Eligibility criteria for study selection
Observational studies reporting on transmission events in indoor community (non-healthcare) settings in which long distance airborne transmission of SARS-CoV-2 was the most likely route. Studies such as those of household transmission where the main transmission route was likely to be close contact or fomite transmission were excluded.
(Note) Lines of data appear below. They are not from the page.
Lemma eigenvalue_uconj n (V A : 'M[F]_n) : V \in unitmx ->
  eigenvalue (V *m A *m invmx V) =i eigenvalue A.
Proof.
move=> Vu a; rewrite -conjumx //.
apply/idP/idP; last rewrite -[A in eigenvalue A](conjmxK A Vu).
all: apply: eigenvalue_conjmx; rewrite ?row_free_unit ?stablemx_unit ?unitmx_inv //.
Qed.

Lemma eigenvalue_diag_mx n (e : 'rV[F]_n) : eigenvalue (diag_mx e) =i codom (e 0).
Proof.
move=> a; rewrite [_ \in _]eigenvalue_root_char char_poly_trig ?diag_mx_is_trig //.
rewrite -root_prod_XsubC /codom /image_mem big_map big_enum /=.
congr (root _ a); apply: eq_big => [i|i _]; first by rewrite inE.
by rewrite mxE eqxx.
Qed.

Lemma eigenvalue_diag_conj n (P : 'M[F]_n) (e : 'rV[F]_n) : P \in unitmx ->
  eigenvalue (invmx P *m diag_mx e *m P) =i codom (e 0).
Proof.
move=> Pu a; rewrite -{2}[P]invmxK.
by rewrite eigenvalue_uconj ?unitmx_inv // eigenvalue_diag_mx.
Qed.

End Eigenvalues.

Section FunctionalCalculus.
Variable C : numClosedFieldType.

Lemma horner_mx_diag_conj n (P : 'M[C]_n.+1) (e : 'rV[C]_n.+1) (p : {poly C}) f :
  P \in unitmx -> {in codom (e 0), horner p =1 f} ->
  horner_mx (invmx P *m diag_mx e *m P) p = invmx P *m diag_mx (map_mx f e) *m P.
Proof.
move=> Pu pf; rewrite horner_mx_uconjC // horner_mx_diag.
suff -> : map_mx (horner p) e = map_mx f e by [].
by apply/matrixP => i j; rewrite !mxE (ord1 i) pf ?codom_f.
Qed.

Lemma mxfun_horner n f (A : 'M[C]_n.+1) (p : {poly C}) : A \is normalmx ->
  {in eigenvalue A, horner p =1 f} -> mxfun f A = horner_mx A p.
Proof.
move=> /orthomx_spectralP A_spectral pf.
have pf' : {in codom (spectral_diag A 0), horner p =1 f}.
  move=> a a_spec; apply: pf.
  by rewrite [X in eigenvalue X]A_spectral eigenvalue_diag_conj ?spectral_unit.
by rewrite [in RHS]A_spectral (horner_mx_diag_conj (spectral_unit A) pf').
Qed.

Lemma eigenvalue_interpolation n f (A : 'M[C]_n.+1) : A \is normalmx ->
  exists p : {poly C}, {in eigenvalue A, horner p =1 f}.
Proof.
move=> /orthomx_spectralP A_spectral.
have [p pf] := exists_interpolating_poly (codom (spectral_diag A 0)) f.
exists p => a; rewrite [X in eigenvalue X]A_spectral eigenvalue_diag_conj ?spectral_unit //.
exact: pf.
Qed.

Lemma mxfun_diag n f (A P : 'M[C]_n.+1) (e : 'rV[C]_n.+1) :
  A \is normalmx -> P \in unitmx -> A = invmx P *m diag_mx e *m P ->
  mxfun f A = invmx P *m diag_mx (map_mx f e) *m P.
Proof.
move=> A_normal Pu A_diag; have [p pf] := eigenvalue_interpolation f A_normal.
have pf' : {in codom (e 0), horner p =1 f}.
  by move=> a a_e; apply: pf; rewrite A_diag eigenvalue_diag_conj.
by rewrite (mxfun_horner A_normal pf) {1}A_diag (horner_mx_diag_conj Pu pf').
Qed.

Lemma mxfun_uconj n f (A V : 'M[C]_n.+1) : V \in unitmx ->
  A \is normalmx -> V *m A *m invmx V \is normalmx ->
  mxfun f (V *m A *m invmx V) = V *m mxfun f A *m invmx V.
Proof.
move=> Vu A_normal VA_normal; have /orthomx_spectralP A_spectral := A_normal.
have QVu : spectralmx A *m invmx V \in unitmx.
  by rewrite unitmx_mul spectral_unit unitmx_inv.
have invQV : invmx (spectralmx A *m invmx V) = V *m invmx (spectralmx A).
  by apply: mulmx1_eq; rewrite mulmxA mulmxKV // mulmxV // spectral_unit.
rewrite (mxfun_diag f (e := spectral_diag A) VA_normal QVu) invQV.
  by rewrite /mxfun !mulmxA.
by rewrite {1}A_spectral !mulmxA.
Qed.

Lemma hermsymmxD n (A B : 'M[C]_n) :
  A \is hermsymmx -> B \is hermsymmx -> A + B \is hermsymmx.
Proof.
rewrite !qualifE !expr0 !scale1r => /eqP A_herm /eqP B_herm.
by rewrite linearD /= map_mxD -A_herm -B_herm.
Qed.

Lemma hermsymmxZ n (a : C) (A : 'M[C]_n) :
  a \is Num.real -> A \is hermsymmx -> a *: A \is hermsymmx.
Proof.
rewrite !qualifE !expr0 !scale1r => a_real /eqP A_herm.
by rewrite linearZ /= map_mxZ -A_herm; apply/eqP; congr (_ *: _); exact/esym/conj_Creal.
Qed.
Data extraction and synthesis
Data extraction was done by one reviewer and independently checked by a second reviewer. Primary outcomes were SARS-CoV-2 infections through long distance airborne transmission (>2 m) and any modifying factors. Methodological quality of included studies was rated using the quality criteria checklist, and certainty of primary outcomes was determined using the Grading of Recommendations, Assessment, Development, and Evaluation (GRADE) framework. Narrative synthesis was themed by setting.
Results
22 reports relating to 18 studies were identified (methodological quality was high in three, medium in five, and low in 10); all the studies were outbreak investigations. Long distance airborne transmission was likely to have occurred for some or all transmission events in 16 studies and was unclear in two studies (GRADE: very low certainty). In the 16 studies, one or more factors plausibly increased the likelihood of long distance airborne transmission, particularly insufficient air replacement (very low certainty), directional air flow (very low certainty), and activities associated with increased emission of aerosols, such as singing or speaking loudly (very low certainty). In 13 studies, the primary cases were reported as being asymptomatic, presymptomatic, or around symptom onset at the time of transmission. Although some of the included studies were well conducted outbreak investigations, they remain at risk of bias owing to study design and do not always provide the level of detail needed to fully assess transmission routes.
Conclusion
This rapid systematic review found evidence suggesting that long distance airborne transmission of SARS-CoV-2 might occur in indoor settings such as restaurants, workplaces, and venues for choirs, and identified factors such as insufficient air replacement that probably contributed to transmission. These results strengthen the need for mitigation measures in indoor settings, particularly the use of adequate ventilation.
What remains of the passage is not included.